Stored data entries
Lemma exists_flat_tangent m : 0 < m -> exists u, 0 < u /\ - m * Derive f u < f u.
Proof.
  intros Hm.
  destruct (proj2 (is_lim_spec _ _ _) (hyperbolic_shift hf (-1))
    (mkposreal (/ m) (Rinv_0_lt_compat _ Hm))) as [M HM].
  set (u := Rmax M 1 + 1). pose proof (Rmax_l M 1). pose proof (Rmax_r M 1).
  exists u. split; [unfold u; lra|].
  specialize (HM u ltac:(unfold u; lra)). simpl in HM. apply Rabs_def2 in HM.
  pose proof (f_pos (x := u) ltac:(unfold u; lra)) as Hfu.
  pose proof (tangent_le f_convex f_derivable (x := u) (y := u + -1)
    ltac:(unfold u; lra) ltac:(unfold u; lra)) as Ht.
  assert (Hr : f (u + -1) = f (u + -1) / f u * f u) by (field; lra).
  set (r := f (u + -1) / f u) in *.
  assert (Hinv : m * / m = 1) by (field; lra).
  assert (- Derive f u <= f u * (r - 1)) by lra.
  assert (m * (r - 1) < 1) by nra.
  nra.
Qed.

Lemma shifted_difference_le d K t1 t2 : 0 < d -> 0 < t1 < t2 ->
  (forall t, t1 <= t <= t2 -> K * Derive f t <= Derive f (t + d)) ->
  f (t1 + d) - K * f t1 <= f (t2 + d) - K * f t2.
Proof.
  intros Hd Ht Hder.
  destruct (MVT_gen (fun t => f (t + d) - K * f t) t1 t2
    (fun t => Derive f (t + d) - K * Derive f t)) as [c [Hc Hmvt]].
  - intros x Hx. rewrite Rmin_left, Rmax_right in Hx by lra. auto_derive.
    + repeat split; apply f_derivable; lra.
    + change (fun u => f u) with f. ring.
  - intros x Hx. rewrite Rmin_left, Rmax_right in Hx by lra.
    reg; apply f_continuous; lra.
  - rewrite Rmin_left, Rmax_right in Hc by lra.
    pose proof (Hder c Hc).
    assert (0 <= (Derive f (c + d) - K * Derive f c) * (t2 - t1))
      by (apply Rmult_le_pos; lra).
    lra.
Qed.

Lemma exists_Derive_ratio_lt d K t0 : 0 < d -> K < 1 -> 0 <= t0 ->
  exists t, t0 < t /\ Derive f (t + d) < K * Derive f t.
Proof.
  intros Hd HK Ht0.
  destruct (Rle_or_lt K 0) as [HK0|HK0].
  { exists (t0 + 1). split; [lra|].
    pose proof (Derive_neg (x := t0 + 1 + d) ltac:(lra)).
    pose proof (Derive_neg (x := t0 + 1) ltac:(lra)). nra. }
  apply NNPP. intro Hn.
  destruct (proj2 (is_lim_spec _ _ _) (hyperbolic_shift hf d) (mkposreal (1 - K) ltac:(lra)))
    as [M1 HM1].
  set (t1 := Rmax M1 t0 + 1).
  assert (Ht1 : M1 < t1 /\ t0 < t1)
    by (pose proof (Rmax_l M1 t0); pose proof (Rmax_r M1 t0); unfold t1; lra).
  specialize (HM1 t1 (proj1 Ht1)). simpl in HM1. apply Rabs_def2 in HM1.
  pose proof (f_pos (x := t1) ltac:(lra)).
  assert (Hh1 : 0 < f (t1 + d) - K * f t1).
  { assert (f (t1 + d) = f (t1 + d) / f t1 * f t1) by (field; lra). nra. }
  destruct (proj2 (is_lim_spec _ _ _) (hyperbolic_at_infty hf) (mkposreal _ Hh1)) as [M2 HM2].
  set (t2 := Rmax M2 t1 + 1).
  assert (Ht2 : M2 < t2 /\ t1 < t2)
    by (pose proof (Rmax_l M2 t1); pose proof (Rmax_r M2 t1); unfold t2; lra).
  specialize (HM2 (t2 + d) ltac:(lra)). simpl in HM2.
  rewrite Rminus_0_r in HM2. apply Rabs_def2 in HM2.
  pose proof (f_pos (x := t2) ltac:(lra)).
  pose proof (@shifted_difference_le d K t1 t2 Hd ltac:(lra)) as Hle.
  enough (f (t1 + d) - K * f t1 <= f (t2 + d) - K * f t2) by nra.
  apply Hle. intros t Ht. apply Rnot_lt_le. intro Hlt. apply Hn. exists t. split; [lra | exact Hlt].
Qed.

• _TASK OBJECTIVE_: Using the data above, print exactly the lines from the line that contains "apply NNPP. intro Hn." through the line that contains "assert (Ht2 : M2 < t2 /\ t1 < t2)", with both included.

• _RESULT FOR THIS EXERCISE_:
  apply NNPP. intro Hn.
  destruct (proj2 (is_lim_spec _ _ _) (hyperbolic_shift hf d) (mkposreal (1 - K) ltac:(lra)))
    as [M1 HM1].
  set (t1 := Rmax M1 t0 + 1).
  assert (Ht1 : M1 < t1 /\ t0 < t1)
    by (pose proof (Rmax_l M1 t0); pose proof (Rmax_r M1 t0); unfold t1; lra).
  specialize (HM1 t1 (proj1 Ht1)). simpl in HM1. apply Rabs_def2 in HM1.
  pose proof (f_pos (x := t1) ltac:(lra)).
  assert (Hh1 : 0 < f (t1 + d) - K * f t1).
  { assert (f (t1 + d) = f (t1 + d) / f t1 * f t1) by (field; lra). nra. }
  destruct (proj2 (is_lim_spec _ _ _) (hyperbolic_at_infty hf) (mkposreal _ Hh1)) as [M2 HM2].
  set (t2 := Rmax M2 t1 + 1).
  assert (Ht2 : M2 < t2 /\ t1 < t2)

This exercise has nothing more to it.